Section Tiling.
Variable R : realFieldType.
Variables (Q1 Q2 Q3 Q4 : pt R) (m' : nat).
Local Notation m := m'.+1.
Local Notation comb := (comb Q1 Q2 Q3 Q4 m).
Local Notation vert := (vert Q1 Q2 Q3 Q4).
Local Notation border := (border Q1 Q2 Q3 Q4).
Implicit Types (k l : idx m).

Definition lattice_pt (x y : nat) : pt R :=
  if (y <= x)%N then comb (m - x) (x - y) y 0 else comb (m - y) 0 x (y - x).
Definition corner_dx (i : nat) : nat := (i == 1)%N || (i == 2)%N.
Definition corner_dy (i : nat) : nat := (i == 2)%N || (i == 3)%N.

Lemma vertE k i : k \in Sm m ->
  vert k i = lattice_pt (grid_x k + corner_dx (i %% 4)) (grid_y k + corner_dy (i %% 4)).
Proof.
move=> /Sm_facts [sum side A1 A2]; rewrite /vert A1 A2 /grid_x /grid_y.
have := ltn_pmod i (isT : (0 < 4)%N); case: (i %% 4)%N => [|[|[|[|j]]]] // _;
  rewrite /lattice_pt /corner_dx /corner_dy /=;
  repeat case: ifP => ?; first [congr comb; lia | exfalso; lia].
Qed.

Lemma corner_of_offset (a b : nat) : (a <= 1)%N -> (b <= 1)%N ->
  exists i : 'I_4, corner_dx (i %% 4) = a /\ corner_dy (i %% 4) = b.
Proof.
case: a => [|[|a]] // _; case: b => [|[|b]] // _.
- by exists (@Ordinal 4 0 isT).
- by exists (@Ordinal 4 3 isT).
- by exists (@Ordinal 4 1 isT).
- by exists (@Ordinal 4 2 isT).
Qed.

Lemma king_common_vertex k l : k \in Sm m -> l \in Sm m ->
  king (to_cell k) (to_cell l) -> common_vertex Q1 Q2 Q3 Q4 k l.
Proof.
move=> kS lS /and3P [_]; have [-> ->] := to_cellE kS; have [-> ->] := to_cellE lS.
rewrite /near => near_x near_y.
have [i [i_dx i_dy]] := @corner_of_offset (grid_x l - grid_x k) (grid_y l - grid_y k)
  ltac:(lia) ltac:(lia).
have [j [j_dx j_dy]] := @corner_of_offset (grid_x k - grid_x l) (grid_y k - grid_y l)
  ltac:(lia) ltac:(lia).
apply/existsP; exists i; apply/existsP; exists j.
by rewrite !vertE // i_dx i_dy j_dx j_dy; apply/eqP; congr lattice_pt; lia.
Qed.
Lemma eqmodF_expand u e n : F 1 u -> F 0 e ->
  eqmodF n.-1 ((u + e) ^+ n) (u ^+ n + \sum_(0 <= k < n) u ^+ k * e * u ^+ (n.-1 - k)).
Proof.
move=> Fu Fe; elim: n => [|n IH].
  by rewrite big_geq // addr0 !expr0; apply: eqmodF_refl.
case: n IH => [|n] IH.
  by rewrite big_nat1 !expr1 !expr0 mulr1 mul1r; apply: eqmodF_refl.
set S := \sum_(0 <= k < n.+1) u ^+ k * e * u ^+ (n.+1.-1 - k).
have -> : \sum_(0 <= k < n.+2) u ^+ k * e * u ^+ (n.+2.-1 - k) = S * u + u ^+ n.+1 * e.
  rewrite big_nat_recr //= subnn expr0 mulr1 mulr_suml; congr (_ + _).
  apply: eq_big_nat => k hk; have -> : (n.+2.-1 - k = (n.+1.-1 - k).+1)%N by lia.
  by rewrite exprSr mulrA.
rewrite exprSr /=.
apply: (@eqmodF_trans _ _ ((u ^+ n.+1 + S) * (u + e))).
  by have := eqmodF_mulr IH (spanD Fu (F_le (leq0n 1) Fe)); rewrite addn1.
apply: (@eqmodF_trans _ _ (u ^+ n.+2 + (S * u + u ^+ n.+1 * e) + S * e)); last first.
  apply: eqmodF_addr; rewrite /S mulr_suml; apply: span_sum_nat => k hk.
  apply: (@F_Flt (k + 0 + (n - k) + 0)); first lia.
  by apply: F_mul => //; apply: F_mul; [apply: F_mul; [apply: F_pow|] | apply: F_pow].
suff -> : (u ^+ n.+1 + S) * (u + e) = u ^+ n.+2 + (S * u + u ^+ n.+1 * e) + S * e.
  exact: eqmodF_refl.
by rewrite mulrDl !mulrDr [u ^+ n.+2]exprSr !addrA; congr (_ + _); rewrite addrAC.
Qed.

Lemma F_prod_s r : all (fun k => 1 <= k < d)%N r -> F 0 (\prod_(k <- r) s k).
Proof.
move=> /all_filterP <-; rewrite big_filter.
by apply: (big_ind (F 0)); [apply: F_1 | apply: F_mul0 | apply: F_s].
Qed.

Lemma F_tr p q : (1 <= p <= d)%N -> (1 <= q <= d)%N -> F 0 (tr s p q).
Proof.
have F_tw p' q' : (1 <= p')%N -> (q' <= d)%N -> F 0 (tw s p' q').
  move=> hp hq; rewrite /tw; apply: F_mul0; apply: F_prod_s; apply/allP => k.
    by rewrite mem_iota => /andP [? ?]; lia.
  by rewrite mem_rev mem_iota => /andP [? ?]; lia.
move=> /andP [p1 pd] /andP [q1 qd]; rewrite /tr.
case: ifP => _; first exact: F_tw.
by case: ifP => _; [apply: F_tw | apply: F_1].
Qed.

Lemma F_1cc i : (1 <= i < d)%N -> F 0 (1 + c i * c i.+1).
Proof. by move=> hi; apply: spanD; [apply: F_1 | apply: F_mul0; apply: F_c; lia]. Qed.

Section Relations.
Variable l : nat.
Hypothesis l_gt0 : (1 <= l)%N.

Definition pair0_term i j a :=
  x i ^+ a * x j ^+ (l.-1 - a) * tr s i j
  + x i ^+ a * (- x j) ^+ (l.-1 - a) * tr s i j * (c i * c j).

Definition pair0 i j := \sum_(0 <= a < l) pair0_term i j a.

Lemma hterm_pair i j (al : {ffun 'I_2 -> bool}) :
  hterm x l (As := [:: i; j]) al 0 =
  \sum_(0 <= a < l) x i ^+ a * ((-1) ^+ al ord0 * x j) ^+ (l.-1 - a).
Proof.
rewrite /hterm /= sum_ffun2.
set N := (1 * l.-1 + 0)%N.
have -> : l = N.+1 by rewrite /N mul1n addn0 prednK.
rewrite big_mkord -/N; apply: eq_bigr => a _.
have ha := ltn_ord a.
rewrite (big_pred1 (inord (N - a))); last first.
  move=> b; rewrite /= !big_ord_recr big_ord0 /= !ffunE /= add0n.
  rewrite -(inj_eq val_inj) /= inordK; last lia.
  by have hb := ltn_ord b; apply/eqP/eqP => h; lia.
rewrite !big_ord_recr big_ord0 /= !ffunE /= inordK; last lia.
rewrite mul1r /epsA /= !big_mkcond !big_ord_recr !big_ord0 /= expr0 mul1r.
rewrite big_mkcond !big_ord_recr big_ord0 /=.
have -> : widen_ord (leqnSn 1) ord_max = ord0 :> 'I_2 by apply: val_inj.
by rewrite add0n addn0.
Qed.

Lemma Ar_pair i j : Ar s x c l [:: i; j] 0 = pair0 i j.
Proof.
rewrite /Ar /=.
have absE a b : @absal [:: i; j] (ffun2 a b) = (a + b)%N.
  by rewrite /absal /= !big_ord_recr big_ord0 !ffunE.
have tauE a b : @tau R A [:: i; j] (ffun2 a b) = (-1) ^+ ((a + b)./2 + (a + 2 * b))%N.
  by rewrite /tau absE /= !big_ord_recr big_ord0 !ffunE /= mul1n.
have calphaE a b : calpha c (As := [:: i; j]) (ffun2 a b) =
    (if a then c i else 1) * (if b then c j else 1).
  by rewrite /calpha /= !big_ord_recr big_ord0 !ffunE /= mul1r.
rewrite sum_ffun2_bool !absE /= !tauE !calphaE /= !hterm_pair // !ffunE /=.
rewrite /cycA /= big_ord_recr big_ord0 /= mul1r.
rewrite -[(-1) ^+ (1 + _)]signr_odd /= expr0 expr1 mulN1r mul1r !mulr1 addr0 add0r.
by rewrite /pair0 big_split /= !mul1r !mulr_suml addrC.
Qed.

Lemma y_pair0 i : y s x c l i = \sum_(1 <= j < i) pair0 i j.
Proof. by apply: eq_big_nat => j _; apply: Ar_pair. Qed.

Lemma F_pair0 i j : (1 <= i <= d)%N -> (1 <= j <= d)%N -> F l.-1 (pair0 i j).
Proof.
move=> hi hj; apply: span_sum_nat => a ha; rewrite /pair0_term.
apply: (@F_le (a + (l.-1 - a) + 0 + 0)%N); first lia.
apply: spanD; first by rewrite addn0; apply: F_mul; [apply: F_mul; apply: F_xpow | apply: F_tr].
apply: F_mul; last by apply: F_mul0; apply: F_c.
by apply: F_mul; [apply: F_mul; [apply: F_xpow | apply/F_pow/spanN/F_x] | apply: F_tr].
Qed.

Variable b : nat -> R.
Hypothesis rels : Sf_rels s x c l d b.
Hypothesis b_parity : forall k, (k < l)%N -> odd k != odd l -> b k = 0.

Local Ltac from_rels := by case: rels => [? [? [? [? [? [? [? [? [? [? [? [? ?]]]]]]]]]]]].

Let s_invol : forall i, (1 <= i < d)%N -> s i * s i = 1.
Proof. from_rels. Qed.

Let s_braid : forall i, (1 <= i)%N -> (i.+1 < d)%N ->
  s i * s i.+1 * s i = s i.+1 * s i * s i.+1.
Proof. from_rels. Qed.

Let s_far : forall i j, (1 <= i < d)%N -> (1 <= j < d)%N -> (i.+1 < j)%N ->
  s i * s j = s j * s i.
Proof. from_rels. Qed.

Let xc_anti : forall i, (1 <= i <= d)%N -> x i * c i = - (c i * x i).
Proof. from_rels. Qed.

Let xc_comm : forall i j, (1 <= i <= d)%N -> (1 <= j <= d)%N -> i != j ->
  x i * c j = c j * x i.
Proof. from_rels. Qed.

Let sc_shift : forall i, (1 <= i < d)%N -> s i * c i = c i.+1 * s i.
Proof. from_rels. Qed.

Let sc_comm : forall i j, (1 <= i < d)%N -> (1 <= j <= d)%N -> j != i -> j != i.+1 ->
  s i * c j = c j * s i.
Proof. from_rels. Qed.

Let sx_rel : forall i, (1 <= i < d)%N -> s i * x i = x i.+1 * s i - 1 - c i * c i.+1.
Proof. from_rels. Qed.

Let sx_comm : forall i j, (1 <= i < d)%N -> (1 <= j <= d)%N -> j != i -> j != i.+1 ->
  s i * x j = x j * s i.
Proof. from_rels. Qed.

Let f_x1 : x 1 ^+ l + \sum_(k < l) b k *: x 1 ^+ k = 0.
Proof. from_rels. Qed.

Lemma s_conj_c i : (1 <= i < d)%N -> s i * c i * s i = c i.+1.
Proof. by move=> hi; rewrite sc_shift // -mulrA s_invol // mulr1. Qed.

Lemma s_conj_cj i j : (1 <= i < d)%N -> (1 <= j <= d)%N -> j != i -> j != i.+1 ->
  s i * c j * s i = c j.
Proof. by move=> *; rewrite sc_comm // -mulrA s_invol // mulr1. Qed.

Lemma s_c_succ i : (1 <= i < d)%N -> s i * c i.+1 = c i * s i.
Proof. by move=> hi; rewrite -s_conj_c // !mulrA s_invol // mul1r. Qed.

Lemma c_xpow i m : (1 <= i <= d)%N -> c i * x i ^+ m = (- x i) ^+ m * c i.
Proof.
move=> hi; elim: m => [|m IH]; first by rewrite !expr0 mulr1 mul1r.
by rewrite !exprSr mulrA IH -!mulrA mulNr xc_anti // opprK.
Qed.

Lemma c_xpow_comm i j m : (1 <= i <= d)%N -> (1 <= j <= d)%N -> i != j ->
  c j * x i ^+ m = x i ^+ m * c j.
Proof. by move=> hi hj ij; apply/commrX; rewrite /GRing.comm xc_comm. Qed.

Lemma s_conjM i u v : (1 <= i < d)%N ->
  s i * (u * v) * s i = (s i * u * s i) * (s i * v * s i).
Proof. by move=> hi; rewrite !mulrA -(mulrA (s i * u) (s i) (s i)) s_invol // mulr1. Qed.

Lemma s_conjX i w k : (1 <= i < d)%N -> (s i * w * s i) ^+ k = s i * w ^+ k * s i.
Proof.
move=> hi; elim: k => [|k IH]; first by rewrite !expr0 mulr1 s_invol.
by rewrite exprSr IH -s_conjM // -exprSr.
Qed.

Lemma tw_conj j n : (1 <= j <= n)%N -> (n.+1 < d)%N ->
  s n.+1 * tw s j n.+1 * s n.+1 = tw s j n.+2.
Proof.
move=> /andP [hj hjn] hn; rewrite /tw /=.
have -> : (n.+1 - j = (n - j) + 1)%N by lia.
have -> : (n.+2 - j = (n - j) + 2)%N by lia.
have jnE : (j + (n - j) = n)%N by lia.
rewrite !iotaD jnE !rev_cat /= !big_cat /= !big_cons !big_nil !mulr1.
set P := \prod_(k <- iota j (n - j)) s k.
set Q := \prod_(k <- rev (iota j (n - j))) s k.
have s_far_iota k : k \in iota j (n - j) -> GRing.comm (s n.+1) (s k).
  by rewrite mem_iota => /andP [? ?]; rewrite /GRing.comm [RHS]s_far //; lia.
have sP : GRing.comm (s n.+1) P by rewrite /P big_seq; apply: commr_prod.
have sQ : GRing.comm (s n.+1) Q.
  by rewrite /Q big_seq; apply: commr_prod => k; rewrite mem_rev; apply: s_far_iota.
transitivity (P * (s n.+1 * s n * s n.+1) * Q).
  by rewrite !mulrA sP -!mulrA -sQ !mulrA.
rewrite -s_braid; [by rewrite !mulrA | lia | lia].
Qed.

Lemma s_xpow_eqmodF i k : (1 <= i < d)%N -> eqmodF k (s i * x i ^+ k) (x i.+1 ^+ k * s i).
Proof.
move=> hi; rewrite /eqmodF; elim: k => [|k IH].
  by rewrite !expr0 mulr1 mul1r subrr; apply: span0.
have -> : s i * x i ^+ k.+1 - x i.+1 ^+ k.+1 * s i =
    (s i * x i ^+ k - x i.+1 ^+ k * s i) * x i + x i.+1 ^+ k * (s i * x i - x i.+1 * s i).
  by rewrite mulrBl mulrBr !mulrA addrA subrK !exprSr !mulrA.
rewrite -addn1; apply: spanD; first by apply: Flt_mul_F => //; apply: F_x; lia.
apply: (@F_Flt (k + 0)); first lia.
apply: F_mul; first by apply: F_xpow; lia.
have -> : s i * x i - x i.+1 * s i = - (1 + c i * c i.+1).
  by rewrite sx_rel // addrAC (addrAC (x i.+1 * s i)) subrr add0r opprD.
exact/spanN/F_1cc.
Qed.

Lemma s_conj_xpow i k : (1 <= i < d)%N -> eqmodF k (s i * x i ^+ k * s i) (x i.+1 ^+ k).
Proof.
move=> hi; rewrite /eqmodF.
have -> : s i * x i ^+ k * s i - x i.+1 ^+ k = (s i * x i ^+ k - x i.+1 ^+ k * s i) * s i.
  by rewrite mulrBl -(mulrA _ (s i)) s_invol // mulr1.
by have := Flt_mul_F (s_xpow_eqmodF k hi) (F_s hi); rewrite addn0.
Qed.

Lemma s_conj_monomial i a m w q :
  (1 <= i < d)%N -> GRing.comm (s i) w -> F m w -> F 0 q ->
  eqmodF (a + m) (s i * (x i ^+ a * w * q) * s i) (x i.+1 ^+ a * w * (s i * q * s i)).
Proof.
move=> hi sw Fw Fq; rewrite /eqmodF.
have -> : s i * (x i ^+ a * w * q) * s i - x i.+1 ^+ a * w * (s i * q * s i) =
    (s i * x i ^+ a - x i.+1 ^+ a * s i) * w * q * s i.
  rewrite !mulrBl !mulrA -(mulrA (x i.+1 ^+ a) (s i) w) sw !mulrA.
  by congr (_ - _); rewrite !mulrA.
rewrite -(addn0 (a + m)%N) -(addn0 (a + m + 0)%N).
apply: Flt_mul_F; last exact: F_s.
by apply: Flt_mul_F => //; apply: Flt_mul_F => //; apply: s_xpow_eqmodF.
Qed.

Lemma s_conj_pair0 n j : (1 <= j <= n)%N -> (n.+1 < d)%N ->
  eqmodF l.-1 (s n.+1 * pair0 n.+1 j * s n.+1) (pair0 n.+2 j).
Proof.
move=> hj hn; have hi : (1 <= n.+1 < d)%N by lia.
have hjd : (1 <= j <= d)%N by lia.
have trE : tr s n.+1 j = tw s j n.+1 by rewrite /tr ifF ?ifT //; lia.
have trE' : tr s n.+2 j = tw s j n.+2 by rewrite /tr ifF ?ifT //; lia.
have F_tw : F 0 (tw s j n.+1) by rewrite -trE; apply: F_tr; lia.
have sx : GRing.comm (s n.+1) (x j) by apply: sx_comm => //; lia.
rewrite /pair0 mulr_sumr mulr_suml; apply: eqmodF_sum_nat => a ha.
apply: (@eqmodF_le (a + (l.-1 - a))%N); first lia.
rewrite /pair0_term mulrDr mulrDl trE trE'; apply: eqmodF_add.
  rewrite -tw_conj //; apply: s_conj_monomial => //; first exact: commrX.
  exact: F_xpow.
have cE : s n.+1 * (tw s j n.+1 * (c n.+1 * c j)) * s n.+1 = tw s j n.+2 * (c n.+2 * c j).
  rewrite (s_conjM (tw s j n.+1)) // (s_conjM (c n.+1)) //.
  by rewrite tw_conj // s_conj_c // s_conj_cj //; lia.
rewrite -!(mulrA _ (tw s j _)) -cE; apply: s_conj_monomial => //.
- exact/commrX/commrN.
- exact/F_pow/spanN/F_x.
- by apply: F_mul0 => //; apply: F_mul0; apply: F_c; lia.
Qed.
━━━━━━━━━━━━━━━━
▶ Exercise requirements
Give back the records word for word. Start at the first line, end at the line containing "Definition lattice_pt (x", and include both.

▶ Exercise solution
Section Tiling.
Variable R : realFieldType.
Variables (Q1 Q2 Q3 Q4 : pt R) (m' : nat).
Local Notation m := m'.+1.
Local Notation comb := (comb Q1 Q2 Q3 Q4 m).
Local Notation vert := (vert Q1 Q2 Q3 Q4).
Local Notation border := (border Q1 Q2 Q3 Q4).
Implicit Types (k l : idx m).

Definition lattice_pt (x y : nat) : pt R :=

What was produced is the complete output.